もう一人のゲストは、かつてアルコール依存症だったAさん。「仕事をして家に帰っても、切り替えが下手な自分は家でも仕事のことばかり考えていました。これが辛く身が持たない。それでアルコールを飲むようになりました。飲むと忘れられた。そして依存症に」。「お酒好き」という単純なことではない。彼がアルコール依存症になったのは「しんどさから逃れる」ため。「これ以上ひどい状態にならない」ため、つまり「生きる」ためだった。その後、Aさんは専門病院に通院したが抗酒剤(この薬を飲んだ上で酒を飲むと激烈な苦しみに見舞われる)を処方され断酒のミーティングへの参加を勧められた。そこでは「失敗談」をお互い語り合う。毎回同じ話しで気が滅入った。四か月で通院を止めた。現在彼は、仕事を続けており、酒も適度に飲まれる。「自分を救ったのは人とのつながりを増やすことでした」と彼は語る。

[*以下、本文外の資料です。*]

Lemma model_mul_eq u u' v v' : linear_act v ->
  model_eq u u' -> model_eq v v' -> model_eq (model_mul u v) (model_mul u' v').
Proof.
move=> [pv _ _] [eu1 eu2 _ _] [ev1 ev2 _ ev]; split=> /= [//| | |w].
- by rewrite eu1 ev1.
- by rewrite (pv _ _ eu1) ev eu2 ev1.
- by rewrite eu1 ev1.
Qed.

Lemma model_eq_as3_rel x y : as3_rel x y -> model_eq (as3_model x) (as3_model y).
Proof.
case=> {x y} [x y z|a b c]; split=> /= [|||w];
  repeat progress rewrite ?ac_mul0l ?ac_mul0r ?ac_scale0r ?ac_add0 ?ac_add0l => //.
- by rewrite (linear_act0 (linear_act_model z)) ac_add0l.
- rewrite (linear_act0 (linear_act_model a)) (linear_act0 (linear_act_model c)) !ac_add0l.
  set A := deg1 (as3_model a); set B := deg1 (as3_model b); set C := deg1 (as3_model c).
  rewrite (lie_anticomm A B) (lie_anticomm B C) !ac_mulZl.
  by lin_comb (Mul (Mul A B) C) (Mul (Mul B C) A) (@Zero F); ring.
Qed.

Lemma as3_model_sound x y : as3_eq x y -> model_eq (as3_model x) (as3_model y).
Proof.
elim=> {x y}.
- exact: model_eq_as3_rel.
- by move=> x; split.
- by move=> x y _ [e1 e2 e3 e]; split=> [||| w]; rewrite ?e1 ?e2 ?e3 ?e.
- move=> x y z _ [exy1 exy2 exy3 exy] _ [eyz1 eyz2 eyz3 eyz].
  by split=> [||| w]; [rewrite exy1 | rewrite exy2 | rewrite exy3 | rewrite exy].
- move=> x x' y y' _ [ex1 ex2 ex3 ex] _ [ey1 ey2 ey3 ey].
  by split=> /= [||| w]; [rewrite ex1 ey1 | rewrite ex2 ey2 | rewrite ex3 ey3 | rewrite ex ey].
- move=> c x x' _ [ex1 ex2 ex3 ex].
  by split=> /= [||| w]; [rewrite ex1 | rewrite ex2 | rewrite ex3 | rewrite ex].
- by move=> x x' y y' _ ex _ ey; apply: model_mul_eq => //; apply: linear_act_model.
- by move=> *; split=> /= *; apply: ac_addA.
- by move=> *; split=> /= *; apply: ac_addC.
- by move=> *; split=> /= *; apply: ac_add0.
- by move=> *; split=> /= *; apply: ac_addN.
- by move=> *; split=> /= *; apply: ac_scale1.
- by move=> *; split=> /= *; apply: ac_scaleA.
- by move=> *; split=> /= *; apply: ac_scaleDr.
- by move=> *; split=> /= *; apply: ac_scaleDl.
- move=> x y z; have [_ az _] := linear_act_model z.
  split=> /= [|||w]; first by rewrite ac_add0.
  + exact: ac_mulDl.
  + by rewrite az ac_mulDl ac_addACA.
  + by rewrite ac_mulDr ac_mulDl.
- move=> x y z; split=> /= [|||w]; first by rewrite ac_add0.
  + exact: ac_mulDr.
  + by rewrite ac_mulDr ac_addACA.
  + exact: ac_mulDr.
- move=> c x y; have [_ _ sy] := linear_act_model y.
  split=> /= [|||w]; first by rewrite ac_scale0r.
  + exact: ac_mulZl.
  + by rewrite sy ac_mulZl ac_scaleDr.
  + by rewrite ac_mulZr ac_mulZl.
- move=> c x y; split=> /= [|||w]; first by rewrite ac_scale0r.
  + exact: ac_mulZr.
  + by rewrite ac_mulZr ac_scaleDr.
  + exact: ac_mulZr.
Qed.

End As3Model.

Section LieImage.

Variables (F : fieldType) (two_neq0 : 2 != 0 :> F) (three_neq0 : 3 != 0 :> F).
Implicit Types (a b w : expr F) (u v : model F).

Definition model_bracket u v :=
  model_add (model_mul u v) (model_scale (-1) (model_mul v u)).
Lemma meval_ext (K : fieldType) (g : {rmorphism rat -> K}) n (v v' : 'I_n -> K) :
  v =1 v' -> meval v =1 meval v'.
Proof.
move=> vv' p; apply: (meval_uniq (f := mevalRM g v)) => j.
by rewrite /= (meval_mX g) vv'.
Qed.

Fixpoint cst (N : nat) : rat -> mpoly N :=
  match N return rat -> mpoly N with
  | 0 => fun x => x
  | k.+1 => fun x => (cst k x)%:P
  end.

Lemma cst_morph N : zmod_morphism (cst N) * monoid_morphism (cst N).
Proof.
elim: N => [|k [cstB [cst1 cstM]]]; first by split => //; split.
split; [move=> x y | split; [|move=> x y]] => /=.
- by rewrite cstB polyCB.
- by rewrite cst1.
- by rewrite cstM polyCM.
Qed.

Definition cstRM N : {rmorphism rat -> mpoly N} :=
  rmorph_of (cst_morph N).1 (cst_morph N).2.

Definition ratM N : {rmorphism rat -> Mould N} := @tofrac (mpoly N) \o cstRM N.

Lemma meval_tofrac N n (q : 'I_n -> mpoly N) p :
  meval (fun k => tofrac (q k)) p = tofrac (pev (cstRM N) q p).
Proof.
symmetry; apply: (meval_uniq (f := @tofrac (mpoly N) \o pevRM (cstRM N) q)) => j.
by rewrite /= pev_mX.
Qed.

Lemma meval_pev N n (q : 'I_n -> mpoly N) (w : 'I_N -> Mould n) p :
  meval w (pev (cstRM N) q p) = meval (fun k => meval w (q k)) p.
Proof.
apply: (meval_uniq (f := mevalRM (ratM n) w \o pevRM (cstRM N) q)) => j.
by rewrite /= pev_mX.
Qed.

Lemma meval_u n p : meval (@u n) p = tofrac p.
Proof. by symmetry; apply: (meval_uniq (f := @tofrac (mpoly n))). Qed.

(* A substitution u_k |-> v k is faithful when it kills no nonzero
   polynomial; exactly these substitutions act on rational functions. *)
Definition faithful m n (v : 'I_m -> Mould n) := forall p, meval v p = 0 -> p = 0.

Lemma faithful_retract m n (v : 'I_m -> Mould n) (q : 'I_m -> mpoly n)
    (w : 'I_n -> Mould m) :
  (forall k, v k = tofrac (q k)) -> (forall k, meval w (q k) = u k) -> faithful v.
Proof.
move=> vq wq p; rewrite (meval_ext (ratM n) vq) meval_tofrac => /eqP.
rewrite tofrac_eq0 => /eqP qp0; apply/eqP; rewrite -tofrac_eq0 -meval_u.
rewrite -(meval_ext (ratM m) wq) -meval_pev qp0.
by apply/eqP; exact: (rmorph0 (mevalRM (ratM m) w)).
Qed.

Section Msubst.
Variables (m n : nat) (v : 'I_m -> Mould n).
Hypothesis v_faithful : faithful v.

Lemma meval_neq0 p : p != 0 -> mevalRM (ratM n) v p != 0.
Proof. by apply: contra => /eqP /v_faithful ->. Qed.

Definition msubstRM : {rmorphism Mould m -> Mould n} := frac_liftRM meval_neq0.

Lemma msubstRME x : msubstRM x = msubst v x.
Proof. by []. Qed.

Lemma msubst_u j : msubst v (u j) = v j.
Proof. by rewrite -msubstRME /= (frac_lift_tofrac meval_neq0) [LHS]/= (meval_mX (ratM n)). Qed.

Lemma msubst_sum (S : {set 'I_m}) : msubst v (\sum_(j in S) u j) = \sum_(j in S) v j.
Proof. by rewrite -msubstRME rmorph_sum; apply: eq_bigr => j _; rewrite msubstRME msubst_u. Qed.

Lemma msubst_prod (S : {set 'I_m}) : msubst v (\prod_(j in S) u j) = \prod_(j in S) v j.
Proof. by rewrite -msubstRME rmorph_prod; apply: eq_bigr => j _; rewrite msubstRME msubst_u. Qed.

End Msubst.

Definition phiL (K : fieldType) n (L : {set 'I_n} -> K) (F : FF n) : K :=
  \prod_(S : nesub n) L (val S) ^ F S.

Section PhiL.
Variables (K : fieldType) (n : nat) (L : {set 'I_n} -> K).
Hypothesis L_neq0 : forall S : nesub n, L (val S) != 0.

Lemma phiL_add A B : phiL L (A + B) = phiL L A * phiL L B.
Proof. by rewrite /phiL -big_split; apply: eq_bigr => S _; rewrite ffunE expfzDr. Qed.

Lemma phiL_opp A : phiL L (- A) = (phiL L A)^-1.
Proof. by rewrite /phiL -prodfV; apply: eq_bigr => S _; rewrite ffunE invr_expz. Qed.

Lemma phiL_neq0 A : phiL L A != 0.
Proof. by rewrite /phiL prodf_seq_neq0; apply/allP => S _; rewrite expfz_neq0. Qed.

Lemma phiL_gen (S : {set 'I_n}) : S != set0 -> phiL L (FFgen S) = L S.
Proof.
move=> S_neq0; rewrite /phiL (bigD1 (exist _ S S_neq0)) //= big1 ?mulr1.
  by rewrite ffunE eqxx expr1z.
move=> T T_neqS; rewrite ffunE.
suff -> : (val T == S) = false by rewrite expr0z.
by apply/negbTE; apply: contra T_neqS => /eqP TS; apply/eqP/val_inj.
Qed.

End PhiL.

Lemma phiL_map (K : fieldType) p q (L : {set 'I_q} -> K)
    (f : {set 'I_p} -> {set 'I_q}) F :
  (forall S : nesub q, L (val S) != 0) ->
  (forall S : nesub p, f (val S) != set0) ->
  phiL L (FFmap f F) = \prod_(S : nesub p) L (f (val S)) ^ F S.
Proof.
move=> L_neq0 f_neq0; rewrite /phiL.
under eq_bigr => T _ do rewrite ffunE
  (big_morph (fun z : int => L (val T) ^ z) (fun a b => expfzDr a b (L_neq0 T))
             (expr0z _)).
rewrite (exchange_big_dep xpredT) //=; apply: eq_bigr => S _.
rewrite (bigD1 (exist _ (f (val S)) (f_neq0 S))) //= big1 ?mulr1 // => T.
by case/andP=> /eqP fST; apply: contraNeq => _; apply/eqP/val_inj.
Qed.

Lemma phiL_FFmap (K K' : fieldType) p q (L : {set 'I_p} -> K)
    (L' : {set 'I_q} -> K') (rho : {rmorphism K -> K'})
    (f : {set 'I_p} -> {set 'I_q}) F :
  (forall S : nesub q, L' (val S) != 0) ->
  (forall S : nesub p, f (val S) != set0) ->
  (forall S : nesub p, rho (L (val S)) = L' (f (val S))) ->
  phiL L' (FFmap f F) = rho (phiL L F).
Proof.
move=> L'_neq0 f_neq0 rhoL; rewrite phiL_map // rmorph_prod.
by apply: eq_bigr => S _; rewrite fmorphXz rhoL.
Qed.

Definition l0 n (S : {set 'I_n}) : mpoly n := \sum_(j in S) mX j.
Definition l1 n (S : {set 'I_n}) : mpoly n := \prod_(j in S) mX j - 1.
Definition L0 n (S : {set 'I_n}) : Mould n := \sum_(j in S) u j.
Definition L1 n (S : {set 'I_n}) : Mould n := \prod_(j in S) u j - 1.

Lemma L0E n (S : {set 'I_n}) : L0 S = tofrac (l0 S).
Proof. by rewrite rmorph_sum. Qed.

Lemma L1E n (S : {set 'I_n}) : L1 S = tofrac (l1 S).
Proof. by rewrite rmorphB rmorph1 rmorph_prod. Qed.

Lemma phi0E n (F : FF n) : phi0 F = phiL (@L0 n) F. Proof. by []. Qed.
Lemma phi1E n (F : FF n) : phi1 F = phiL (@L1 n) F. Proof. by []. Qed.

Definition idQ : {rmorphism rat -> rat} := idfun.

(* l0 S takes the value #|S| at (1,...,1), and l1 S the value -1 at 0. *)
Lemma l0_neq0 n (S : {set 'I_n}) : S != set0 -> l0 S != 0.
Proof.
move=> S_neq0; apply: contra_neq (S_neq0) => /(congr1 (mevalRM idQ (fun=> 1))).
rewrite rmorph_sum rmorph0; under eq_bigr do rewrite /= (meval_mX idQ).
by rewrite sumr_const => /eqP; rewrite pnatr_eq0 cards_eq0 => /eqP.
Qed.

Lemma l1_neq0 n (S : {set 'I_n}) : S != set0 -> l1 S != 0.
Proof.
move=> S_neq0; apply/eqP => /(congr1 (mevalRM idQ (fun=> 0))).
rewrite rmorphB rmorph1 rmorph_prod rmorph0.
under eq_bigr do rewrite /= (meval_mX idQ).
by rewrite prodr_const expr0n cards_eq0 (negbTE S_neq0) sub0r => /eqP; rewrite oppr_eq0 oner_eq0.
Qed.

Lemma L0_neq0 n (S : nesub n) : L0 (val S) != 0.
Proof. by rewrite L0E tofrac_eq0 l0_neq0 ?(valP S). Qed.

Lemma L1_neq0 n (S : nesub n) : L1 (val S) != 0.
Proof. by rewrite L1E tofrac_eq0 l1_neq0 ?(valP S). Qed.

Section Relabel.
Variables (p q : nat) (g : 'I_p -> 'I_q).
Hypothesis g_inj : injective g.

Definition retract (c : Mould p) (t : 'I_q) : Mould p :=
  if [pick k | g k == t] is Some k then u k else c.

Lemma retract_g c k : retract c (g k) = u k.
Proof. by rewrite /retract; case: pickP => [k' /eqP/g_inj -> // | /(_ k)]; rewrite eqxx. Qed.

Lemma retract_out c t : (forall k, g k != t) -> retract c t = c.
Proof. by move=> gt; rewrite /retract; case: pickP => // k; rewrite (negbTE (gt k)). Qed.

Lemma relabel_faithful : faithful (fun k => u (g k)).
Proof.
apply: (faithful_retract (q := fun k => mX (g k)) (w := retract 0)) => // k.
by rewrite (meval_mX (ratM p)) retract_g.
Qed.

Lemma phi0_relabel (F : FF p) :
  phi0 (FFmap (fun S => g @: S) F) = msubst (fun k => u (g k)) (phi0 F).
Proof.
rewrite !phi0E -(msubstRME relabel_faithful).
apply: phiL_FFmap => [S|S|S]; first exact: L0_neq0.
  by rewrite imset_eq0 (valP S).
by rewrite msubstRME (msubst_sum relabel_faithful) /L0 (big_imset _ (in2W g_inj)).
Qed.

Lemma phi1_relabel (F : FF p) :
  phi1 (FFmap (fun S => g @: S) F) = msubst (fun k => u (g k)) (phi1 F).
Proof.
rewrite !phi1E -(msubstRME relabel_faithful).
apply: phiL_FFmap => [S|S|S]; first exact: L1_neq0.
  by rewrite imset_eq0 (valP S).
by rewrite rmorphB rmorph1 msubstRME (msubst_prod relabel_faithful) /L1
  (big_imset _ (in2W g_inj)).
Qed.

End Relabel.

Section Blocks.
Variables (p q : nat) (B : 'I_p -> {set 'I_q}) (r : 'I_p -> 'I_q).
Hypothesis r_in : forall k, r k \in B k.
Hypothesis B_disj : forall k k', k != k' -> [disjoint B k & B k'].

Lemma block_eq k k' j : j \in B k -> j \in B k' -> k = k'.
Proof.
move=> jk jk'; apply/eqP; apply: contraLR jk' => /B_disj kk'.
by rewrite (disjointFr kk' jk).
Qed.

Lemma r_inj : injective r.
Proof. by move=> k k' rkk'; apply: (block_eq (j := r k)); rewrite // rkk'. Qed.

Lemma big_retract (c : Mould p) (op : Monoid.com_law c) k :
  \big[op/c]_(j in B k) retract r c j = u k.
Proof.
rewrite (bigD1 (r k) (r_in k)) /= retract_g ?big1 ?Monoid.mulm1 //; last exact: r_inj.
move=> j /andP [jk jr]; apply: retract_out => k'.
apply: contraNneq jr => rj.
by rewrite -rj (block_eq jk (_ : j \in B k')) // -rj.
Qed.

Lemma block_sum_faithful : faithful (fun k => L0 (B k)).
Proof.
apply: (faithful_retract (q := fun k => l0 (B k)) (w := retract r 0)) => k.
  exact: L0E.
rewrite -[meval _ _]/(mevalRM (ratM p) _ _) rmorph_sum.
under eq_bigr do rewrite /= (meval_mX (ratM p)).
exact: big_retract.
Qed.

Lemma block_prod_faithful : faithful (fun k => \prod_(j in B k) u j).
Proof.
apply: (faithful_retract (q := fun k => \prod_(j in B k) mX j) (w := retract r 1)).
  by move=> k; rewrite rmorph_prod.
move=> k; rewrite -[meval _ _]/(mevalRM (ratM p) _ _) rmorph_prod.
under eq_bigr do rewrite /= (meval_mX (ratM p)).
exact: big_retract.
Qed.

僕が出会った親父さんで重いアルコール依存症の方がたくさんおられた。みな、何かを埋め合わせるように「酒に頼って」おられた。まさに「松葉杖」だったと思う。Aさんは、長年続いた野宿生活を終え、アパートに入居された。地域生活が始まった後、しばしばお酒の飲み過ぎ状態となり地域で問題となった。「Aさんが道で倒れています。迎えに来てください」「Aさんがスーパーでおしっこしました。なんとかしてください」など、しょっちゅう呼び出しを食らった。そしてAさんのアルコール依存症の治療が始まった。医師は「断酒」を迫った。支援者側も「それは当然」と受け止めていた。数か月の入院の後、Aさんは戻って来られた。以来NPOの事務所で毎朝抗酒剤を飲むようになった。お酒の問題は一見解決したかに思われた。しかし、日に日に陽気だったAさんが無口になり、誰とも付き合わなくなっていった。そして笑顔が消えた。「Aさんのいのちと健康を考えて」断酒を勧めた。だが、その結果どう見てもAさんの日々は「幸せ」ではなくなった。Aさんにとって断酒とは何であったのか。誰のための断酒なのか。「本人のため」と言いつつ、実は「地域やお世話する人が安心するため」であったように思う。それでAさんと話し合い金銭管理をさせてもらうことにした。いわば「酒量の総量規制」を始めたのだ。以前のように大量には飲めないが「それなりに飲む」ようになったAさんは笑顔を取り戻し、かつてほどではないが「適度に地域で倒れる」ようになられた。かつては毎月何度も「呼び出し」を食らっていたが、年間数回に抑えられた。トラブル無しにはならないが「受容可能なトラブルの『程度』」が存在することも僕らは学んだ。

ハームリダクションは、「ハーム(被害)」を「リダクションする(減らす)」ことである。依存症患者にとって最大の「ハーム」はいのちを失うこと。これを回避するため一定のコントロールの下に薬物を使用できる仕組みを創る。カナダでは公衆衛生局が管理する「注射室」が設置され依存症の方が「安心して注射できる」環境を創っているという。世界では80ヵ国がこの政策に取り組み薬物依存者が顕著に減っている。

いずれにせよ、見た目の現象だけを見て対処するのではなくその奥底にある「痛み」を見つめなければいけない。そもそも「周囲が安心できるための対処」ではなく、その本人の「痛み」に向き合わねばならない。かくいう僕もいろいろな「松葉杖」に支えられ生きている。「依存」と「依存症」は違う。だが、程度こそ違えども「根っ子にあるもの」は同じ。僕も「依存」しながら生きている。そうでないと生きられない。周りには申し訳ないと思うが現実だ。だから僕も誰かの依存先になれればよいと思っている。